OK, Zeit für einen ersten Test. Mit
sudo pon vpn.conf
machen wir eine erste Einwahl. Ein ifconfig sollte nun ein ppp0 Interface mit entsprechender IP zeigen:
ppp0 Link encap:Point-to-Point Protocol inet addr:10.11.21.10 P-t-P:10.11.21.1 Mask:255.255.255.255 UP POINTOPOINT RUNNING NOARP MULTICAST MTU:1496 Metric:1 RX packets:771 errors:0 dropped:0 overruns:0 frame:0 TX packets:645 errors:0 dropped:0 overruns:0 carrier:0 collisions:0 txqueuelen:3 RX bytes:614730 (600.3 KiB) TX bytes:144569 (141.1 KiB)
Fein!
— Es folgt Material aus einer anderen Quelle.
(* Let $\phi=\phi_{\mathrm{NH}}$, $\phi_{\mathrm{NH}}(y,t)=t^{-1/2}\exp(y^2/(2t))$, and $\Phi(\boldsymbol x,t)=\sum_{i=1}^N\phi(x_i,t)$. Then for all $\boldsymbol x\in\mathbb{R}^N$ and $t>0$, $$\mathrm{DErr}_\Phi(\boldsymbol x,t)\le\frac{\max_i x_i^2/t+4}{4t}.$$
   Context: $\mathrm{DErr}_\Phi(\boldsymbol x,t):=\dfrac{\sum_{i=1}^N\frac{\partial^4}{\partial x^4}\phi(x_i,t)}{4\sum_{i=1}^N\partial_{xx}\phi(x_i,t)}-\dfrac{1}{4\Phi(\boldsymbol x,t)}\sum_{i=1}^N\partial_{xx}\phi(x_i,t)$, where derivatives are in the first argument of $\phi$. *)

From Stdlib Require Import Reals Lra.
From Coquelicot Require Import Coquelicot.
Open Scope R_scope.

Definition phi_NH (y t : R) : R := / sqrt t * exp (y ^ 2 / (2 * t)).

Definition dphi (k : nat) (y t : R) : R := Derive_n (fun z => phi_NH z t) k y.

(* Sum over i = 0 .. N-1 of f i  (N components of x : nat -> R) *)
Definition sumN (N : nat) (f : nat -> R) : R := sum_n_m f 0 (N - 1).

Definition Phi (N : nat) (x : nat -> R) (t : R) : R :=
  sumN N (fun i => phi_NH (x i) t).

Definition DErr (N : nat) (x : nat -> R) (t : R) : R :=
  sumN N (fun i => dphi 4 (x i) t) / (4 * sumN N (fun i => dphi 2 (x i) t))
  - / (4 * Phi N x t) * sumN N (fun i => dphi 2 (x i) t).

(* max_{0 <= i < N} f i, for N >= 1 *)
Fixpoint maxIdx (N : nat) (f : nat -> R) : R :=
  match N with
  | O => 0
  | S O => f O
  | S n => Rmax (maxIdx n f) (f n)
  end.

(** With [u = y^2/t], the derivatives of [phi_NH] in [y] are
    [phi'' = (1 + u)/t * phi] and [phi'''' = (3 + 6u + u^2)/t^2 * phi].
    Hence termwise [phi'' >= phi/t], and, when [u <= M],
    [phi'''' <= (M + 5)/t * phi''] because [3 + 6u + u^2 <= (M + 5)(1 + u)].
    Summing over the coordinates, the first quotient of [DErr] is at most
    [(M + 5)/(4t)] and the subtracted one at least [1/(4t)]. *)
From Stdlib Require Import Reals Lra Lia Psatz.
From Coquelicot Require Import Coquelicot.
Open Scope R_scope.

Lemma sum_n_m_le_loc (a b : nat -> R) (n m : nat) :
  (forall k, (n <= k <= m)%nat -> a k <= b k) ->
  sum_n_m a n m <= sum_n_m b n m.
Proof.
  intros Hab.
  rewrite (sum_n_m_ext_loc b (fun k => Rmax (a k) (b k))).
  - apply sum_n_m_le; intros k; apply Rmax_l.
  - intros k Hk; symmetry; apply Rmax_right, Hab, Hk.
Qed.

Lemma sum_n_m_pos (a : nat -> R) (n m : nat) :
  (n <= m)%nat -> (forall k, 0 < a k) -> 0 < sum_n_m a n m.
Proof.
  intros Hnm Ha.
  rewrite sum_Sn_m by exact Hnm.
  assert (Hrest : sum_n_m (fun _ => zero) (S n) m <= sum_n_m a (S n) m)
    by (apply sum_n_m_le; intros k; left; apply Ha).
  rewrite sum_n_m_const_zero in Hrest.
  specialize (Ha n); unfold plus, zero in *; simpl in *; lra.
Qed.

Lemma maxIdx_ge (f : nat -> R) (n k : nat) : (k < n)%nat -> f k <= maxIdx n f.
Proof.
  induction n as [|n IHn]; intros Hk; [lia|].
  destruct n as [|n]; [replace k with 0%nat by lia; simpl; lra|].
  change (maxIdx (S (S n)) f) with (Rmax (maxIdx (S n) f) (f (S n))).
  destruct (Nat.eq_dec k (S n)) as [->|Hne]; [apply Rmax_r|].
  eapply Rle_trans; [apply IHn; lia|apply Rmax_l].
Qed.

Section PhiDerivatives.

Variable t : R.
Hypothesis t_pos : 0 < t.

Lemma phi_NH_pos (y : R) : 0 < phi_NH y t.
Proof.
  apply Rmult_lt_0_compat; [apply Rinv_0_lt_compat, sqrt_lt_R0, t_pos|apply exp_pos].
Qed.

Lemma is_derive_phi_NH (y : R) :
  is_derive (fun z => phi_NH z t) y (y / t * phi_NH y t).
Proof.
  unfold phi_NH; auto_derive; [easy|].
  replace (y * (y * 1) * / (2 * t)) with (y ^ 2 / (2 * t)) by (unfold Rdiv; ring).
  assert (0 < sqrt t) by now apply sqrt_lt_R0.
  field; lra.
Qed.

Lemma dphi_S (k : nat) (p p' : R -> R) :
  (forall y, is_derive p y (p' y)) ->
  (forall y, dphi k y t = p y * phi_NH y t) ->
  forall y, dphi (S k) y t = (p' y + y / t * p y) * phi_NH y t.
Proof.
  intros Hp Hk y; unfold dphi in *; simpl.
  rewrite (Derive_ext _ (fun z => p z * phi_NH z t)) by exact Hk.
  apply is_derive_unique.
  replace ((p' y + y / t * p y) * phi_NH y t)
    with (p' y * phi_NH y t + p y * (y / t * phi_NH y t)) by ring.
  exact (is_derive_mult _ _ _ _ _ (Hp y) (is_derive_phi_NH y) Rmult_comm).
Qed.

Lemma dphi1 (y : R) : dphi 1 y t = y / t * phi_NH y t.
Proof.
  rewrite (dphi_S 0 (fun _ => 1) (fun _ => 0)); [ring| |].
  - intros z; auto_derive; easy.
  - intros z; unfold dphi; simpl; ring.
Qed.

Lemma dphi2 (y : R) : dphi 2 y t = (1 + y ^ 2 / t) / t * phi_NH y t.
Proof.
  rewrite (dphi_S 1 (fun z => z / t) (fun _ => / t)); [field; lra| |exact dphi1].
  intros z; auto_derive; [easy|field; lra].
Qed.

Lemma dphi3 (y : R) : dphi 3 y t = (3 * y / t ^ 2 + y ^ 3 / t ^ 3) * phi_NH y t.
Proof.
  rewrite (dphi_S 2 (fun z => (1 + z ^ 2 / t) / t) (fun z => 2 * z / t ^ 2));
    [field; lra| |exact dphi2].
  intros z; auto_derive; [easy|field; lra].
Qed.

Lemma dphi4 (y : R) :
  dphi 4 y t = (3 + 6 * (y ^ 2 / t) + (y ^ 2 / t) ^ 2) / t ^ 2 * phi_NH y t.
Proof.
  rewrite (dphi_S 3 (fun z => 3 * z / t ^ 2 + z ^ 3 / t ^ 3)
                    (fun z => 3 / t ^ 2 + 3 * z ^ 2 / t ^ 3));
    [field; lra| |exact dphi3].
  intros z; auto_derive; [easy|field; lra].
Qed.

Lemma dphi2_ge (y : R) : phi_NH y t / t <= dphi 2 y t.
Proof.
  rewrite dphi2.
  assert (0 <= y ^ 2 / t) by (apply Rdiv_le_0_compat; nra).
  pose proof (phi_NH_pos y).
  replace (phi_NH y t / t) with (1 / t * phi_NH y t) by (field; lra).
  apply Rmult_le_compat_r; [lra|].
  unfold Rdiv; apply Rmult_le_compat_r; [left; apply Rinv_0_lt_compat|]; lra.
Qed.

Lemma dphi4_le (y M : R) :
  y ^ 2 / t <= M -> dphi 4 y t <= (M + 5) / t * dphi 2 y t.
Proof.
  intros HuM; rewrite dphi4, dphi2.
  set (u := y ^ 2 / t) in *.
  assert (Hu : 0 <= u) by (apply Rdiv_le_0_compat; nra).
  assert (Hquad : 3 + 6 * u + u ^ 2 <= (M + 5) * (1 + u)) by nra.
  pose proof (phi_NH_pos y).
  replace ((M + 5) / t * ((1 + u) / t * phi_NH y t))
    with ((M + 5) * (1 + u) / t ^ 2 * phi_NH y t) by (field; lra).
  apply Rmult_le_compat_r; [lra|].
  unfold Rdiv; apply Rmult_le_compat_r; [left; apply Rinv_0_lt_compat; nra|exact Hquad].
Qed.

End PhiDerivatives.

Lemma quotient_difference_le (t S0 S2 S4 K : R) :
  0 < t -> 0 < S0 -> S0 / t <= S2 -> S4 <= K * S2 ->
  S4 / (4 * S2) - / (4 * S0) * S2 <= (K - / t) / 4.
Proof.
  intros Ht HS0 H2 H4.
  assert (HS2 : 0 < S2) by (pose proof (Rdiv_lt_0_compat S0 t HS0 Ht); lra).
  assert (HK : S4 / (4 * S2) <= K / 4).
  { apply (Rmult_le_reg_r (4 * S2)); [lra|]. field_simplify; lra. }
  assert (Hinv : / (4 * t) <= / (4 * S0) * S2).
  { apply (Rmult_le_reg_r (4 * S0 * t)); [nra|].
    apply (Rmult_le_compat_r t) in H2; [|lra].
    field_simplify in H2; [|lra]. field_simplify; lra. }
  replace ((K - / t) / 4) with (K / 4 - / (4 * t)) by (field; lra).
  lra.
Qed.

Theorem lemma6p6 (n : nat) (x : nat -> R) (t : R) :
  (1 <= n)%nat -> 0 < t ->
  DErr n x t <= (maxIdx n (fun i => x i ^ 2) / t + 4) / (4 * t).
Proof.
  intros Hn Ht.
  set (m := maxIdx n (fun i => x i ^ 2)).
  unfold DErr, Phi, sumN.
  replace ((m / t + 4) / (4 * t)) with (((m / t + 5) / t - / t) / 4) by (field; lra).
  apply quotient_difference_le; [exact Ht| | |].
  - apply sum_n_m_pos; [lia|intros k; now apply phi_NH_pos].
  - unfold Rdiv at 1; rewrite Rmult_comm, <- (sum_n_m_mult_l (K := R_Ring)).
    apply sum_n_m_le; intros k; rewrite Rmult_comm; now apply dphi2_ge.
  - rewrite <- (sum_n_m_mult_l (K := R_Ring)).
    apply sum_n_m_le_loc; intros k Hk; apply dphi4_le; [exact Ht|].
    unfold Rdiv; apply Rmult_le_compat_r; [left; now apply Rinv_0_lt_compat|].
    apply (maxIdx_ge (fun i => x i ^ 2)); lia.
Qed.
Lemma trvg_union_blind_hv (T : finType) (A1 A2 : {set T}) (E1 E2 : rel T)
    (v : T) (f1 f2 : T -> rect) :
  simple_graph A1 E1 -> simple_graph A2 E2 -> A1 :&: A2 = [set v] ->
  trv_rep A1 E1 f1 -> (forall w, w \in A1 -> w != v -> ~ sees_h (f1 v) (f1 w)) ->
  trv_rep A2 E2 f2 -> (forall w, w \in A2 -> w != v -> ~ sees_v (f2 v) (f2 w)) ->
  is_TRVG (A1 :|: A2) (fun x y => E1 x y || E2 x y).
Proof.
move=> [_ [_ E1_sub]] [_ [_ E2_sub]] A12 rep1 blind1 rep2 blind2.
have [S1 f1_inside] := rect_bound f1; have [S2 f2_inside] := rect_bound f2.
have S1_le : S1 <= Num.max S1 S2 by rewrite le_max lexx.
have S2_le : S2 <= Num.max S1 S2 by rewrite le_max lexx orbT.
exists (glue A1 v f1 f2 (Num.max S1 S2)).
apply: (glue_trv_rep E1_sub E2_sub A12 rep1 rep2 blind1 blind2) => w.
  by have [? ?] := f1_inside w; split; apply: inside_le S1_le _.
by have [? ?] := f2_inside w; split; apply: inside_le S2_le _.
Qed.

Theorem lemma1 (T : finType) (A1 A2 : {set T}) (E1 E2 : rel T) (v : T) :
  simple_graph A1 E1 -> simple_graph A2 E2 ->
  A1 :&: A2 = [set v] ->
  (exists f1 : T -> rect, trv_rep A1 E1 f1 /\ blind_in_some_direction A1 f1 v) ->
  (exists f2 : T -> rect, trv_rep A2 E2 f2 /\ blind_in_some_direction A2 f2 v) ->
  is_TRVG (A1 :|: A2) (fun x y => E1 x y || E2 x y).
Proof.
move=> g1 g2 A12 [f1 [rep1 [b1|b1]]] [f2 [rep2 [b2|b2]]].
- exact: trvg_union_blind_hv g1 g2 A12 rep1 b1 (trv_rep_transpose rep2) b2.
- exact: trvg_union_blind_hv g1 g2 A12 rep1 b1 rep2 b2.
- exact: trvg_union_blind_hv g1 g2 A12
    (trv_rep_transpose rep1) b1 (trv_rep_transpose rep2) b2.
- exact: trvg_union_blind_hv g1 g2 A12 (trv_rep_transpose rep1) b1 rep2 b2.
Qed.
Definition expand_atom (a : nat) : seq nat :=
  match a with 0 => [:: 0; 1; 2; 1; 2; 0] | 1 => [:: 1; 2; 0; 0; 1] | _ => [:: 2] end.

Definition expand (A : seq nat) : seq nat := flatten (map expand_atom A).

Lemma atoms_word_expand j A : atoms_word j.+1 A = atoms_word j (expand A).
Proof.
elim: A => [|a A IH] //; rewrite /expand /= -/(expand A) atoms_word_cat -IH.
congr (_ ++ _); case: a => [|[|a]] //=.
- by rewrite tmeS !ctme_rcons /atoms_word /= !cats0 -!cats1 -!catA.
- by rewrite ctme'S !ctme_rcons /atoms_word /= !cats0 -!cats1 -!catA.
Qed.

Lemma atoms_word_expandn n j A : atoms_word (n + j) A = atoms_word j (iter n expand A).
Proof. by elim: n A => [|n IH] A //=; rewrite atoms_word_expand IH -iterSr. Qed.

Definition atom_head (a : nat) : letter := a != 0.

(* A sound but incomplete comparison: it only decides [A] versus [B] when the
   first differing atoms already differ in their first letter. *)
Fixpoint cmp_atoms (A B : seq nat) : option bool :=
  match A, B with
  | [::], _ => Some true
  | _ :: _, [::] => Some false
  | x :: A', y :: B' =>
      if x == y then cmp_atoms A' B'
      else if atom_head x == atom_head y then None else Some (~~ atom_head x)
  end.

Lemma atom_word_head j a : exists s, atom_word j.+1 a = atom_head a :: s.
Proof. by case: a => [|[|a]] /=; [exact: tme_head | exact: ctme'_head | eexists]. Qed.

Lemma cmp_atomsP j A B r :
  cmp_atoms A B = Some r -> lexle (atoms_word j.+1 A) (atoms_word j.+1 B) = r.
Proof.
elim: A B r => [|x A IH] [|y B] r /=; [by case=> <- | by case=> <- | |].
  by case=> <-; case: (atom_word_head j x) => s; rewrite /atoms_word /= => ->.
case: eqP => [->|Hxy].
  by move=> H; rewrite /atoms_word /= lexle_cat2l; apply: IH.
case: eqP => // Hh [<-]; rewrite /atoms_word /=.
case: (atom_word_head j x) => s ->; case: (atom_word_head j y) => s' -> /=.
by move: Hh; rewrite /ltl; case: (atom_head x); case: (atom_head y).
Qed.

(** * A certified family of Nyldon words *)

(* A certificate found by computer search.  At level [j], [tme_a n] and [ctme'_a n]
   stand for [tme (n + j)] and [ctme' (n + j)].  For [i < 11] and [j >= 2], [famword i j]
   is Nyldon and the Nyldon factorization of its tail ends with
   [famword (rpart i) (j - rdrop i)]; for [j >= 3] the word [famword i j] is
   [famword (lpart i) (j - ldrop i)] followed by [famword (rpart i) (j - rdrop i)],
   which lets [nyldon_last_cat] propagate the property from level [j - 1] to [j]. *)
Definition tme_a n := iter n expand [:: 0].
Definition ctme'_a n := iter n expand [:: 1].

Definition shape (i : nat) : seq nat :=
  match i with
  | 0 => 2 :: tme_a 2
  | 1 => 2 :: tme_a 1 ++ ctme'_a 2 ++ [:: 2]
  | 2 => 2 :: tme_a 1 ++ ctme'_a 2 ++ 2 :: ctme'_a 2
  | 3 => 2 :: tme_a 1 ++ ctme'_a 1 ++ 2 :: ctme'_a 1
  | 4 => 2 :: tme_a 1 ++ ctme'_a 1
  | 5 => 2 :: tme_a 1 ++ tme_a 1 ++ ctme'_a 1 ++ [:: 2]
  | 6 => 2 :: tme_a 1 ++ tme_a 2 ++ tme_a 1 ++ ctme'_a 1
  | 7 => 2 :: tme_a 0 ++ ctme'_a 1
  | 8 => 2 :: tme_a 1 ++ tme_a 0 ++ ctme'_a 0 ++ 2 :: ctme'_a 0
  | 9 => 2 :: tme_a 1 ++ tme_a 1 ++ ctme'_a 1 ++ 2 :: ctme'_a 1
  | _ => 2 :: tme_a 1 ++ tme_a 1 ++ ctme'_a 1
  end.

Definition lpart i := nth 0 [:: 3; 4; 4; 3; 3; 8; 9; 4; 3; 8; 8] i.
Definition ldrop i := nth 0 [:: 0; 0; 0; 1; 1; 0; 0; 1; 1; 0; 0] i.
Definition rpart i := nth 0 [:: 0; 5; 6; 2; 7; 1; 10; 10; 9; 2; 7] i.
Definition rdrop i := nth 0 [:: 1; 0; 0; 1; 0; 1; 0; 1; 1; 1; 0] i.

Definition famword i j := atoms_word j (shape i).

Definition fam_ok i j := nyldon_last (famword i j) (famword (rpart i) (j - rdrop i)).

Definition shape_at x d := iter (2 - d) expand (shape x).

Definition split_ok i :=
  [&& [&& ldrop i <= 1, rdrop i <= 1 & rdrop (lpart i) <= 1],
      iter 2 expand (shape i) == shape_at (lpart i) (ldrop i) ++ shape_at (rpart i) (rdrop i),
      cmp_atoms (shape_at (lpart i) (ldrop i)) (shape_at (rpart i) (rdrop i)) == Some false &
      cmp_atoms (shape_at (rpart (lpart i)) (ldrop i + rdrop (lpart i)))
                (shape_at (rpart i) (rdrop i)) == Some true].

Lemma famword_level j x d : d <= 2 -> famword x (j.+3 - d) = atoms_word j.+1 (shape_at x d).
Proof. by move=> Hd; rewrite /famword /shape_at -atoms_word_expandn; congr atoms_word; lia. Qed.

Lemma fam_ok_split j i : split_ok i -> fam_ok (lpart i) (j.+3 - ldrop i) ->
  nyldon (famword (rpart i) (j.+3 - rdrop i)) -> fam_ok i j.+3.
Proof.
case/and4P=> /and3P [B1 B2 B3] /eqP E1 /eqP E2 /eqP E3 Gu Nv.
move: Gu Nv; rewrite /fam_ok -subnDA !famword_level; try lia.
have -> : famword i j.+3 = atoms_word j.+1 (iter 2 expand (shape i)).
  by rewrite -atoms_word_expandn.
rewrite E1 atoms_word_cat => Gu Nv; apply: nyldon_last_cat Gu Nv _ _.
- by rewrite (cmp_atomsP _ E2).
- by rewrite (cmp_atomsP _ E3).
Qed.

Definition nyldon_last_check (u r : word) :=
  [&& nyldon_factorization u == [:: u], nyldon_factorization (behead u) != [::] &
      last [::] (nyldon_factorization (behead u)) == r].

Lemma nyldon_last_checkP u r : nyldon_last_check u r -> nyldon_last u r.
Proof.
case/and3P => /eqP H1 H2 /eqP H3; split; first exact: nyldon_factorization_nyldon.
have := nyldon_factorizationP (behead u).
case: (nyldon_factorization (behead u)) H2 H3 => [//|x L] _ H3.
by exists (belast x L); rewrite -H3 -lastI.
Qed.

Lemma fam_ok_base i : i < 11 -> fam_ok i 2.
Proof.
move=> Hi; apply: nyldon_last_checkP.
have : all (fun i => nyldon_last_check (famword i 2) (famword (rpart i) (2 - rdrop i)))
           (iota 0 11) by vm_compute.
by move/allP; apply; rewrite mem_iota.
Qed.

Lemma split_ok_all i : i < 11 -> split_ok i.
Proof.
move=> Hi; have : all split_ok (iota 0 11) by vm_compute.
by move/allP; apply; rewrite mem_iota.
Qed.

Lemma fam_ok_succ j : (forall i, i < 11 -> fam_ok i j.+2) -> forall i, i < 11 -> fam_ok i j.+3.
Proof.
move=> H; have step i : i < 11 -> fam_ok (lpart i) (j.+3 - ldrop i) ->
    nyldon (famword (rpart i) (j.+3 - rdrop i)) -> fam_ok i j.+3.
  by move/split_ok_all; apply: fam_ok_split.
(* Parts with [ldrop i = 0] or [rdrop i = 0] live at the same level, hence this order. *)
have G3 := step 3 erefl (H 3 erefl) (proj1 (H 2 erefl)).
have G7 := step 7 erefl (H 4 erefl) (proj1 (H 10 erefl)).
have G8 := step 8 erefl (H 3 erefl) (proj1 (H 9 erefl)).
have G4 := step 4 erefl (H 3 erefl) (proj1 G7).
have G9 := step 9 erefl G8 (proj1 (H 2 erefl)).
have G10 := step 10 erefl G8 (proj1 G7).
have G5 := step 5 erefl G8 (proj1 (H 1 erefl)).
have G6 := step 6 erefl G9 (proj1 G10).
have G0 := step 0 erefl G3 (proj1 (H 0 erefl)).
have G1 := step 1 erefl G4 (proj1 G5).
have G2 := step 2 erefl G4 (proj1 G6).
by case=> [|[|[|[|[|[|[|[|[|[|[|]]]]]]]]]]].
Qed.

Lemma fam_ok_all j i : i < 11 -> fam_ok i j.+2.
Proof. by elim: j i => [|j IH] i Hi; [exact: fam_ok_base | exact: fam_ok_succ]. Qed.

Lemma famword0 j : famword 0 j = lb :: tme j.+2.
Proof.
have -> : tme j.+2 = atoms_word (2 + j) [:: 0] by rewrite /atoms_word /= cats0.
by rewrite atoms_word_expandn.
Qed.

Lemma famword1 j : famword 1 j = lb :: tme j.+1 ++ ctme j.+2.
Proof.
have -> : tme j.+1 = atoms_word (1 + j) [:: 0] by rewrite /atoms_word /= cats0.
have -> : ctme j.+2 = atoms_word (2 + j) [:: 1; 2] by rewrite ctme_rcons /atoms_word /= cats1.
by rewrite !atoms_word_expandn -atoms_word_cat.
Qed.

Lemma famword2 j : famword 2 j = famword 1 j ++ ctme' j.+2.
Proof.
have -> : ctme' j.+2 = atoms_word (2 + j) [:: 1] by rewrite /atoms_word /= cats0.
by rewrite atoms_word_expandn -atoms_word_cat.
Qed.

Lemma famword2_le0 j : lexle (famword 2 j) (famword 0 j).
Proof. by case: j => [|j]; [vm_compute | apply: cmp_atomsP; vm_compute]. Qed.

Lemma famword_nyldon i j : i < 11 -> 1 < j -> nyldon (famword i j).
Proof. by move=> Hi; case: j => [|[|j]] // _; case: (fam_ok_all j Hi). Qed.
Das funktioniert also schon mal. Mit
sudo poff vpn.conf
trennen wir die Verbindung erstmal wieder.
Routing
Das wir den Traffic über ppp0 routen möchten, müssen wir noch ein paar Kleinigkeiten ändern.
Da wäre als erstes die sysctl.conf, in dieser muss die Einstellung
net.ipv4.ip_forward=1
auskommentiert werden.
Abschließend wird die neue Konfiguration mit
sysctl -p
aktiviert.
Der Rest wird über iptables geregelt, also legen wir die Datei /etc/iptables.rules an. Der Inhalt bei mir ist dieser:
*nat -A POSTROUTING -o ppp0 -j MASQUERADE COMMIT *filter -A INPUT -i lo -j ACCEPT -A INPUT -m state --state RELATED,ESTABLISHED -j ACCEPT -A INPUT -i ppp0 -j DROP COMMIT
Damit wird der gesamte Traffic über ppp0 geroutet und zusätzlich eingehender Traffic von ppp0, sofern er nicht zu einer bestehenden Verbindung gehört, gedroppt.
Mit einem
sudo iptables-restore < /etc/iptables.rules
können die Regeln geladen werden.
Erster Test
Nachdem die PPTP Verbindung wiederhergestellt ist, können wir den ersten Test machen, indem das Gateway auf dem Testsystem auf die IP von eth0 des Raspi gesetzt wird.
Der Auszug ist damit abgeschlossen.